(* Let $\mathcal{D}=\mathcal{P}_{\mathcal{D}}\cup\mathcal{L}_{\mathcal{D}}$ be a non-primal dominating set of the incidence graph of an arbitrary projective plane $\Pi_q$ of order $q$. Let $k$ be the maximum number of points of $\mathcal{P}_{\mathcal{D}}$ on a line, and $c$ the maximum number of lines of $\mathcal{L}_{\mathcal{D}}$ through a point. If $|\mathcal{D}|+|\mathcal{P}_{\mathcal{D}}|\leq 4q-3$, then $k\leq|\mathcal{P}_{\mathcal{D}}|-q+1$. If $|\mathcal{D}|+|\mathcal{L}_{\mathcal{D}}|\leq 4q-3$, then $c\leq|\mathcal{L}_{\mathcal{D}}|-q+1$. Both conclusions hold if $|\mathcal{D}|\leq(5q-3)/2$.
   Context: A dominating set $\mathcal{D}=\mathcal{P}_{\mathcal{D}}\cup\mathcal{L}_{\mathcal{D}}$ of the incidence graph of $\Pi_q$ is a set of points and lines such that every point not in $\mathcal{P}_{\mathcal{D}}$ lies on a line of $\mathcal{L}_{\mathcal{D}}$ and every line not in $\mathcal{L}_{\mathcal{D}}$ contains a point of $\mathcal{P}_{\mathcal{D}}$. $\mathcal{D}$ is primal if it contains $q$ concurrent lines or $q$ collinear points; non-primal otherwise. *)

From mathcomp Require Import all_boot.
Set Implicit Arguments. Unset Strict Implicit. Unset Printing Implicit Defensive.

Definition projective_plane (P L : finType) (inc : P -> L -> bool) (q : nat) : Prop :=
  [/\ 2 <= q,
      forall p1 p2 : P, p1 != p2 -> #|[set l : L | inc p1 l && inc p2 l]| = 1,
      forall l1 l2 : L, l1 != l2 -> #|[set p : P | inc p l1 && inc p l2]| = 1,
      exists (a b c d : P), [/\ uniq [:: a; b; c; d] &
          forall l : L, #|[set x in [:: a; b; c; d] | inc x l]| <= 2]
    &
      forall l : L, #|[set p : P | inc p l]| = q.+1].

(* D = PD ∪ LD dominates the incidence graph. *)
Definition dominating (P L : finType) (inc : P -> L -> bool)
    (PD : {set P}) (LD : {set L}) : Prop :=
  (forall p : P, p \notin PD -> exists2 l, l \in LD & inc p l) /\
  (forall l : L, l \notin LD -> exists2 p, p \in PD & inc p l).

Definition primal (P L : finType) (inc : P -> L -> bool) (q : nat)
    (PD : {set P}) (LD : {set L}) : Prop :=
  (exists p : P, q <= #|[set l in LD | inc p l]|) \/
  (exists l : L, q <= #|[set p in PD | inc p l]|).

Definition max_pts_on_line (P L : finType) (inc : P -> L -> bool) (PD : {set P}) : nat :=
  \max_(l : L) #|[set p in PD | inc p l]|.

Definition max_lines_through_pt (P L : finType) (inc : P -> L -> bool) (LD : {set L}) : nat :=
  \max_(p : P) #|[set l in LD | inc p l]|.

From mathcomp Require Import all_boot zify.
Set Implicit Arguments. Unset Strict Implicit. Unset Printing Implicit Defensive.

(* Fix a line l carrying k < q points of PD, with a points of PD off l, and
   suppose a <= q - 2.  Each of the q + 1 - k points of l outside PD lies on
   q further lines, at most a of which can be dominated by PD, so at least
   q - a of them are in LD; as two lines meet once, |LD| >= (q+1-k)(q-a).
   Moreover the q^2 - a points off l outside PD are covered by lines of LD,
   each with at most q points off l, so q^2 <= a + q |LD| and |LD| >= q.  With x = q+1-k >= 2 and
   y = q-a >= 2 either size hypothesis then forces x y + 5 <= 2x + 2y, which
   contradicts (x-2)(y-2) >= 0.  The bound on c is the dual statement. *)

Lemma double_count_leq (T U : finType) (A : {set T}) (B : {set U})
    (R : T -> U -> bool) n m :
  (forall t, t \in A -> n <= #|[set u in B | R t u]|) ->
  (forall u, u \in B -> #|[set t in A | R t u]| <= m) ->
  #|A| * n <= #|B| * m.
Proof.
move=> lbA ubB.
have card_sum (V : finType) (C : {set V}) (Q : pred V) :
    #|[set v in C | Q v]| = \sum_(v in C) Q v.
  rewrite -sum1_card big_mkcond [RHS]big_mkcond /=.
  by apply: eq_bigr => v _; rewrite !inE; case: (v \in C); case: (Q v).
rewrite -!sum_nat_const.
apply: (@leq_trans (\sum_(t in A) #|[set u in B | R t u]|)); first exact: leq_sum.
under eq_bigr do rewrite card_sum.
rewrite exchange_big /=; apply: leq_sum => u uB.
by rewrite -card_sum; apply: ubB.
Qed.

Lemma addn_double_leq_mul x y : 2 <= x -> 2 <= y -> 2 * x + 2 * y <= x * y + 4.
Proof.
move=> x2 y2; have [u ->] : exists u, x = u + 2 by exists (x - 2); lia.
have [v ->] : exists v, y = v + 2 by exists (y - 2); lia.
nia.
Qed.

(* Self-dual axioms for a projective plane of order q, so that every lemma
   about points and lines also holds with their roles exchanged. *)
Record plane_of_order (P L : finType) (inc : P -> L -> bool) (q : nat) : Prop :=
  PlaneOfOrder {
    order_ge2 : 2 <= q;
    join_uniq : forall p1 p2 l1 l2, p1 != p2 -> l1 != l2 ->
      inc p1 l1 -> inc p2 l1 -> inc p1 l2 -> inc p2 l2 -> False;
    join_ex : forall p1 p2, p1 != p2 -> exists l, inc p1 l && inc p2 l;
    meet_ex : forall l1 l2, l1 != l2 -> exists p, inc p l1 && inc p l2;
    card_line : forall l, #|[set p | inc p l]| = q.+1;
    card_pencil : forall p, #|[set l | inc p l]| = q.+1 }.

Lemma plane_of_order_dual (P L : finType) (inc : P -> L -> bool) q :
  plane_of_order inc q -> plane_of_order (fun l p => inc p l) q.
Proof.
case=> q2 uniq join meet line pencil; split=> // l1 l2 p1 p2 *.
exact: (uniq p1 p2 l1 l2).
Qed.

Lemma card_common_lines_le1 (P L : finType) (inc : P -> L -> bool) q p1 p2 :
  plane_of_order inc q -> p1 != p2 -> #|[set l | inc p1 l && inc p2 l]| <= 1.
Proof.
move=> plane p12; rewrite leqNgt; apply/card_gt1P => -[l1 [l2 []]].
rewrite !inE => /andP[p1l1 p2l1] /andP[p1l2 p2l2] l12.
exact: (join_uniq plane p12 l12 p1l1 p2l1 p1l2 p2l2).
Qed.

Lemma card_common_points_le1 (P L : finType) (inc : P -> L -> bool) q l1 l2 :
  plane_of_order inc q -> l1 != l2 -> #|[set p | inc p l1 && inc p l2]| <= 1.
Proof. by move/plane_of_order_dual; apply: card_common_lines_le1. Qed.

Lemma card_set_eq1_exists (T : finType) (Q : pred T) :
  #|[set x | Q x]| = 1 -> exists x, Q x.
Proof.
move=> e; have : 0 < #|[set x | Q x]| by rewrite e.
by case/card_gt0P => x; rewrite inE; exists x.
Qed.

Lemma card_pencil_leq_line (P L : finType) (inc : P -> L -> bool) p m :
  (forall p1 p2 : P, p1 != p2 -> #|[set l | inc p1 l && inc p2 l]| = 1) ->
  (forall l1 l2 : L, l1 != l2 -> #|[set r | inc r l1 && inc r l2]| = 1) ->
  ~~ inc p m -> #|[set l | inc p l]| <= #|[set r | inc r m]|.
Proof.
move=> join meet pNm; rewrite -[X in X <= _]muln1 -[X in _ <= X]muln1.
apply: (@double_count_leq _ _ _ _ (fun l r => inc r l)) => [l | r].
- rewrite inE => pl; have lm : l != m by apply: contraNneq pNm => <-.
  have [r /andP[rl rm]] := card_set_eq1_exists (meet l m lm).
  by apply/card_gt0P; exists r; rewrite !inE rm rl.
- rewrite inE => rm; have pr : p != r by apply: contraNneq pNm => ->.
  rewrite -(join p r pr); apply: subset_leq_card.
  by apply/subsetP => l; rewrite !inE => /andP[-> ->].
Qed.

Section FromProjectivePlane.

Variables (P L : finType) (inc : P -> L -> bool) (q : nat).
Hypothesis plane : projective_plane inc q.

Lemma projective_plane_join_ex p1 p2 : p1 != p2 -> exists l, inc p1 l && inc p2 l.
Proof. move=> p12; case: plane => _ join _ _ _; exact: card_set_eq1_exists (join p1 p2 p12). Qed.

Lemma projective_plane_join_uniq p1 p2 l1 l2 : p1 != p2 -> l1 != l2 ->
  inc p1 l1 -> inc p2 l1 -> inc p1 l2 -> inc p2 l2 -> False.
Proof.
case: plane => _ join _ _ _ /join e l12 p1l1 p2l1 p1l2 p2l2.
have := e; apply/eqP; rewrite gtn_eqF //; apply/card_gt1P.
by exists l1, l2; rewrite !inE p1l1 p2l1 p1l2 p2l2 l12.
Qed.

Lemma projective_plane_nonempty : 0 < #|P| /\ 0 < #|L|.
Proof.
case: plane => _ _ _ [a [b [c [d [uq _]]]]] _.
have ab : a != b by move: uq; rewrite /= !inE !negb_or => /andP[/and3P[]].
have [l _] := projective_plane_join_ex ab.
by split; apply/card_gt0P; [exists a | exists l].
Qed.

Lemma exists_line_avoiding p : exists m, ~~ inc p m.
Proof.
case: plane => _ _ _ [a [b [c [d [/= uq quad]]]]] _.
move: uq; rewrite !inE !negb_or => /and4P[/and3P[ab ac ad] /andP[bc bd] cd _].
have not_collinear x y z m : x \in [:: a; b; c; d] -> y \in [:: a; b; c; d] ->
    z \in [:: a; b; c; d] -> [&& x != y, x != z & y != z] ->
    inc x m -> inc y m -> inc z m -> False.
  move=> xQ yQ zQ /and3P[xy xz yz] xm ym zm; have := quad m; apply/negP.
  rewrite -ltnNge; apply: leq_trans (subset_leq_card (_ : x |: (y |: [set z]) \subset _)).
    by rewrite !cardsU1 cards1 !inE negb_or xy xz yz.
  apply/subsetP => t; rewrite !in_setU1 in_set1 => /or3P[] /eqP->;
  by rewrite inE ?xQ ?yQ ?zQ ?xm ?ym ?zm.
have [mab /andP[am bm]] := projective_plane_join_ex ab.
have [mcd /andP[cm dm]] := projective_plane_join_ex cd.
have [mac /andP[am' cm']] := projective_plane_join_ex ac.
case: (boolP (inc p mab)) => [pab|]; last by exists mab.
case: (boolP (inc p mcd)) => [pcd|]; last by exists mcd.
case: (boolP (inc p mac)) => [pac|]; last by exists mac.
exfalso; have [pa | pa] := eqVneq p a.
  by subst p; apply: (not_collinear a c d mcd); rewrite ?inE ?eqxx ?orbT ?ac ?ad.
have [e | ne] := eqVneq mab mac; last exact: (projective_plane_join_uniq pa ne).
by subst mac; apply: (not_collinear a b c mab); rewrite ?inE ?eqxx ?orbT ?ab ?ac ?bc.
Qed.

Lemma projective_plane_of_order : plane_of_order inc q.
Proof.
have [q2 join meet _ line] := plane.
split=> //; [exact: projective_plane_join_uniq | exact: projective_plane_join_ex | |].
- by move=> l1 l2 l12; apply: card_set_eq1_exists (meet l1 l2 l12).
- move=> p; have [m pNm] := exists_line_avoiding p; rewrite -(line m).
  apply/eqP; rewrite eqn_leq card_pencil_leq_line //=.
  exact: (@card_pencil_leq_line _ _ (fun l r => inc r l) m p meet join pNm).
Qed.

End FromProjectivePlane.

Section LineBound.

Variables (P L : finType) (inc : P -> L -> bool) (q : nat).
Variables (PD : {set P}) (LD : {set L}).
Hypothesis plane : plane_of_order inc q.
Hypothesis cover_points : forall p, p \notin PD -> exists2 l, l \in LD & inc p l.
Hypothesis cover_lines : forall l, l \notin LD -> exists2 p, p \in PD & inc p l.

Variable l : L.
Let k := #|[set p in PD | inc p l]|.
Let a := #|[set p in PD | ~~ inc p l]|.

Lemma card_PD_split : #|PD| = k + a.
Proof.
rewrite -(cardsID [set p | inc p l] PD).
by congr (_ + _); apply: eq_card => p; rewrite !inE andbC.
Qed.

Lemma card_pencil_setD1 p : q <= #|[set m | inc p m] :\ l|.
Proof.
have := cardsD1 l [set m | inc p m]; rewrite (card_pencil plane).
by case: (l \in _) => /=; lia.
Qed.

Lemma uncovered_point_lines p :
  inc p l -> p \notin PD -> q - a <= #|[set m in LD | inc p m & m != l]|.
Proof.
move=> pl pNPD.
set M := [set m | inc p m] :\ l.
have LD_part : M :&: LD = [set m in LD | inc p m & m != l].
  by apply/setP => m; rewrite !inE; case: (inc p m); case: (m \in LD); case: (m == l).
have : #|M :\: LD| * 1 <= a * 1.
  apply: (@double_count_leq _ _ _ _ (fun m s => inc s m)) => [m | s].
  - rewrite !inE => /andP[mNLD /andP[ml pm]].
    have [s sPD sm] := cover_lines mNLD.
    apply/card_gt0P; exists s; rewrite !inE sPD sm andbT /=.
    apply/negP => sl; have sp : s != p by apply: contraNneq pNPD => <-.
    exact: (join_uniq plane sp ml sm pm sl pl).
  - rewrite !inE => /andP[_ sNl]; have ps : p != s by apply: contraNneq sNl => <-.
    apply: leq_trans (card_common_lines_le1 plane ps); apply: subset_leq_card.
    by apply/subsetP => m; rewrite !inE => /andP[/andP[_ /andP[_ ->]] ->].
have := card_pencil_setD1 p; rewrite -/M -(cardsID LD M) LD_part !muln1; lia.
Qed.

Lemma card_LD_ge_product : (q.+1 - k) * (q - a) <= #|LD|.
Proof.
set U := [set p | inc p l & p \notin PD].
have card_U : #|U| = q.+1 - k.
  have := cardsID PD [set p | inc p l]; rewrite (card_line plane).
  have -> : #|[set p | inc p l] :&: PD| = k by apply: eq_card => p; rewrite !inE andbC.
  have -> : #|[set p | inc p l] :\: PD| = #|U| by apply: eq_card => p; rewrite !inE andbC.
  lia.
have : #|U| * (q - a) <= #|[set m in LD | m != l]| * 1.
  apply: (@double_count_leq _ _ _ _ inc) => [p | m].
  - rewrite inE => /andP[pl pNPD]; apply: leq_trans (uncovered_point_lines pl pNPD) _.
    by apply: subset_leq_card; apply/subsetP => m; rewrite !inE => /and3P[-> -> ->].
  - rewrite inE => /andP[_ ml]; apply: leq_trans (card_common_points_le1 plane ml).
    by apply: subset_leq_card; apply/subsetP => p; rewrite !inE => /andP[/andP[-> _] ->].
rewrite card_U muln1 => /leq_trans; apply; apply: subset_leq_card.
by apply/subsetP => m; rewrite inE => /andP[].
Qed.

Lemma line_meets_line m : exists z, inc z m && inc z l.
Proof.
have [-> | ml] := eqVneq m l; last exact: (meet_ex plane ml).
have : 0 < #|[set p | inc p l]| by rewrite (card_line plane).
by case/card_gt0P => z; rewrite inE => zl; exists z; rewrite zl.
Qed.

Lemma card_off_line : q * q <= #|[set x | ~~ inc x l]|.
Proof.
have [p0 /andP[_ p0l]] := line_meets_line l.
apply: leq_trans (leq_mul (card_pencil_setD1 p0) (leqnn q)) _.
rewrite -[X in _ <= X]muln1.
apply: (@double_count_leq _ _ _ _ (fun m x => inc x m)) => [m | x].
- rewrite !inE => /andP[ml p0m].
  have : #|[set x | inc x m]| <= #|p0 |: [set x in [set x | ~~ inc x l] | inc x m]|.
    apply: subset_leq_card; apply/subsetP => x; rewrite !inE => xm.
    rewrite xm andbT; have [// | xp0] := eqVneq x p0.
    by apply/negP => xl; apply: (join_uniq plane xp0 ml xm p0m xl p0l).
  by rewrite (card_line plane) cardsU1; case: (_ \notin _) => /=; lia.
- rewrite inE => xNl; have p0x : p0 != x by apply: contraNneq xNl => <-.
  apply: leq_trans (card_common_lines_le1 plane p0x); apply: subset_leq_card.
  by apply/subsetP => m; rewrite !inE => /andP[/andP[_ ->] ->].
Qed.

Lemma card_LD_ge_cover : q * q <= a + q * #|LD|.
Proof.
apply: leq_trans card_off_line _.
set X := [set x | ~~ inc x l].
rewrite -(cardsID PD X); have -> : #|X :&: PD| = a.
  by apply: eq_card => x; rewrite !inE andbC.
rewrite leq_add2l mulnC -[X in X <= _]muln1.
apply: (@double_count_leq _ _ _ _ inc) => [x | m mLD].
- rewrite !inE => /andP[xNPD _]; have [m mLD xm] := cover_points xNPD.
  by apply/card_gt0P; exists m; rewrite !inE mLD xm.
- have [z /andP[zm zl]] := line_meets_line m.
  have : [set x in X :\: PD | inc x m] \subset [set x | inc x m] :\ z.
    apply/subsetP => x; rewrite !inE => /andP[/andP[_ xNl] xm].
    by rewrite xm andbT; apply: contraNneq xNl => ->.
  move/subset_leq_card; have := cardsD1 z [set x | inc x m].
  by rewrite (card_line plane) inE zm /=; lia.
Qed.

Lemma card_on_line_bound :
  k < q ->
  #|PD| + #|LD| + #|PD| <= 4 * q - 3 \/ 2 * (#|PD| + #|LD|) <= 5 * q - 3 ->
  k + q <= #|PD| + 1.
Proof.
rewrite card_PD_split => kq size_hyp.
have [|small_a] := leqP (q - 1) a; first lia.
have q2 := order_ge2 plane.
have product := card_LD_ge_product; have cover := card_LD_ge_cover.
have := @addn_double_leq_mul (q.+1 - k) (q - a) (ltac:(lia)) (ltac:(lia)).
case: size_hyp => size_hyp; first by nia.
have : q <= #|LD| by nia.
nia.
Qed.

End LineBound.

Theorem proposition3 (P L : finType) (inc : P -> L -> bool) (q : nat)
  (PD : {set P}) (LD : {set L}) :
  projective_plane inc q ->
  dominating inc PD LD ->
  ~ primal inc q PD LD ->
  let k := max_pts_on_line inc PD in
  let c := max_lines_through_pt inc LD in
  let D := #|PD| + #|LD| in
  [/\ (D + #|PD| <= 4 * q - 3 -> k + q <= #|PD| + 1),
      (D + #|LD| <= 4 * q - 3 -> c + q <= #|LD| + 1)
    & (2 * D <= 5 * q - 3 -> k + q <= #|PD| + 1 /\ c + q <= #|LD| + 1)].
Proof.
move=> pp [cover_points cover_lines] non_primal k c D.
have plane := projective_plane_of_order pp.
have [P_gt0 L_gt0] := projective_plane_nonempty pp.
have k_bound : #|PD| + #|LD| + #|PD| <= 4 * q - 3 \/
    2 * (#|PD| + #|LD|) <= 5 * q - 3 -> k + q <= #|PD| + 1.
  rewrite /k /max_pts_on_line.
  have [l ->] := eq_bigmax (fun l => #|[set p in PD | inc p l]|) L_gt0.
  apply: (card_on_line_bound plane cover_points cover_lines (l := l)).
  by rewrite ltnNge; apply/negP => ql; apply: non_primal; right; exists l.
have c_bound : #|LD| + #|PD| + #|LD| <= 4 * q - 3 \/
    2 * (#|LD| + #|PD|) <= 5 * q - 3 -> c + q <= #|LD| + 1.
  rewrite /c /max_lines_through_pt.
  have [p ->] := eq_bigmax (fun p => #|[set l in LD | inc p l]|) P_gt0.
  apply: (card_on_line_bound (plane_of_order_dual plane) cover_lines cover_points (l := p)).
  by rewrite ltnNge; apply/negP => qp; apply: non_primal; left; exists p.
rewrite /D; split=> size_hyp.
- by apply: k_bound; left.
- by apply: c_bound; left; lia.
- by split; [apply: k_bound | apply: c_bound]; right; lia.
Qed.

--

* **WHAT IS REQUIRED**
Please copy every line of the records above in which "andbC" appears.

* **SOLUTION TO THE EXERCISE**
by congr (_ + _); apply: eq_card => p; rewrite !inE andbC.
  have -> : #|[set p | inc p l] :&: PD| = k by apply: eq_card => p; rewrite !inE andbC.
  have -> : #|[set p | inc p l] :\: PD| = #|U| by apply: eq_card => p; rewrite !inE andbC.
  by apply: eq_card => x; rewrite !inE andbC.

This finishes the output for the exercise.